Returning to the Prostitution case, the sides argued a plethora of “liberty” issues may be involved, all the way from freedom of association to privacy of relationships.  They asked can there be such a thing as privacy of relationships  when there is money on the table or I guess you could say “skin in the game.”  (Pardon the pun). But the ultimate question is whether these matters are for the people to decide through their elected representatives or is up to the court to overturn a law criminalizing conduct that has been against the laws of most states (though not all) for the life of the republic.  Who gets to decide?


We are still working it out.





January 9th 2018


President Trump today, left a few mouths hanging open when he made a seemingly offhand comment about bringing back Earmarks.
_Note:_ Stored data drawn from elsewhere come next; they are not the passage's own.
Lemma word_len_translate (E : list H) (D : list G) (D_sup : forall s, In s E -> In (iota s) D) :
  generates E -> generates D ->
  forall r h, (word_len D (gmul r (iota h)) <= word_len D r + word_len E h)%nat.
Proof.
  intros E_gen D_gen r h.
  pose proof (word_len_mul G D D_gen r (iota h)).
  pose proof (word_len_hom E D D_sup E_gen h). lia.
Qed.

Hypothesis iota_inj : forall a b : H, iota a = iota b -> a = b.

Lemma word_len_bounded_on_preimage (E : list H) (L : list G) :
  exists K, forall h, In (iota h) L -> (word_len E h <= K)%nat.
Proof.
  induction L as [|a L [K HK]].
  - exists 0%nat. intros h [].
  - destruct (classic (exists h, iota h = a)) as [[ha <-]|no_preimage].
    + exists (Nat.max K (word_len E ha)). intros h [Eh|Hh].
      * apply iota_inj in Eh. subst. lia.
      * specialize (HK h Hh). lia.
    + exists K. intros h [Eh|Hh]; [exfalso; eauto | auto].
Qed.

Lemma word_len_bounded_between_balls (D : list G) (E : list H) k :
  generates D ->
  exists K, forall r h, (word_len D r <= k)%nat ->
    (word_len D (gmul r (iota h)) <= k)%nat -> (word_len E h <= K)%nat.
Proof.
  intro D_gen. destruct (word_len_ball_finite G D D_gen k) as [ball Hball].
  destruct (word_len_bounded_on_preimage E
              (flat_map (fun r => map (gmul (ginv r)) ball) ball)) as [K HK].
  exists K. intros r h Hr Hrh. apply HK, in_flat_map. exists r. split; auto.
  rewrite <- (gmulKV _ r (iota h)). apply in_map. auto.
Qed.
Not the first time he has expressed an idea that at first shocks, but upon sober reflection turns out to be worth discussing.


Recently, the Tulare County Sheriff and District Attorney held a news conference on a major case involving cattle, fraud and a number of other charges against a person who victimized a number of ranchers and agricultural interests.  What few people realize is that the Ag Crimes unit responsible for bringing this person to justice would not exist without the earmark procedure both at the state and federal level.  


The rural crime task force grew out of a proposal I wrote a couple of decades ago and presented to Chuck Poochigian (who now serves on the appellate court, but years ago was the appropriations chair for the State Assembly.) Chuck carried the funding bill, specifically earmarked for Tulare County, and placed it in the state budget.  Thereafter, even though Chuck’s party lost control of the Assembly, Governor Pete Wilson continued each year to include the appropriation in the state budget he sent to the legislature.  It was that earmark that funded the investigators in both the Sheriffs office as well as the District Attorney’s office.  It also provided for prosecutors and support staff in the District Attorney’s office.


The program was successful and our next goal was to export it to surrounding counties.  To accomplish that I traveled multiple times to Washington D. C. On more than one occasion I was accompanied by supervisors Jim Maples and Bill Sanders.  Congressman Bill Thomas, who at the time was chairman of the House Ways and Means Committee fashioned an earmark that allocated well over a million dollars to the Tulare County District Attorney’s office specifically to create a multi-county agricultural crimes task force using high technology (for the time) to protect the Ag industry. That’s exactly what we did and the funding continued for a number of years.


And it worked.  Still does.  


Then came the movement to eliminate earmarks.  Because of the experiences I just described,  I always had ambivalent feelings about doing away with earmarks.  I remember arguing our case to legislators both at state and federal level as well as to their committee staffers, that the Ag industry sent plenty of taxes in to the government every year, but given the unique nature of trying to protect vast acreage and live perishable products, both plant and animal, we couldn’t effectively protect our farmers and ranchers with the level of funding we could provide at the local level.  


Were there abuses of earmarks?  I’m sure.  But for our county they did a lot of good. And the legacy of what was created using earmarks continues to protect a vital industry.   


A couple,of,other points.  It wasn’t some disconnected administrative technicians deciding what we needed.  Our own representatives, the ones we elected, did.  And when you have legislatures debating, and, yes, maybe trading programs to benefit their constituents perhaps there would be more reason to work together and there might be less polarization.


Earmarks?  Wouldn’t hurt to take another look.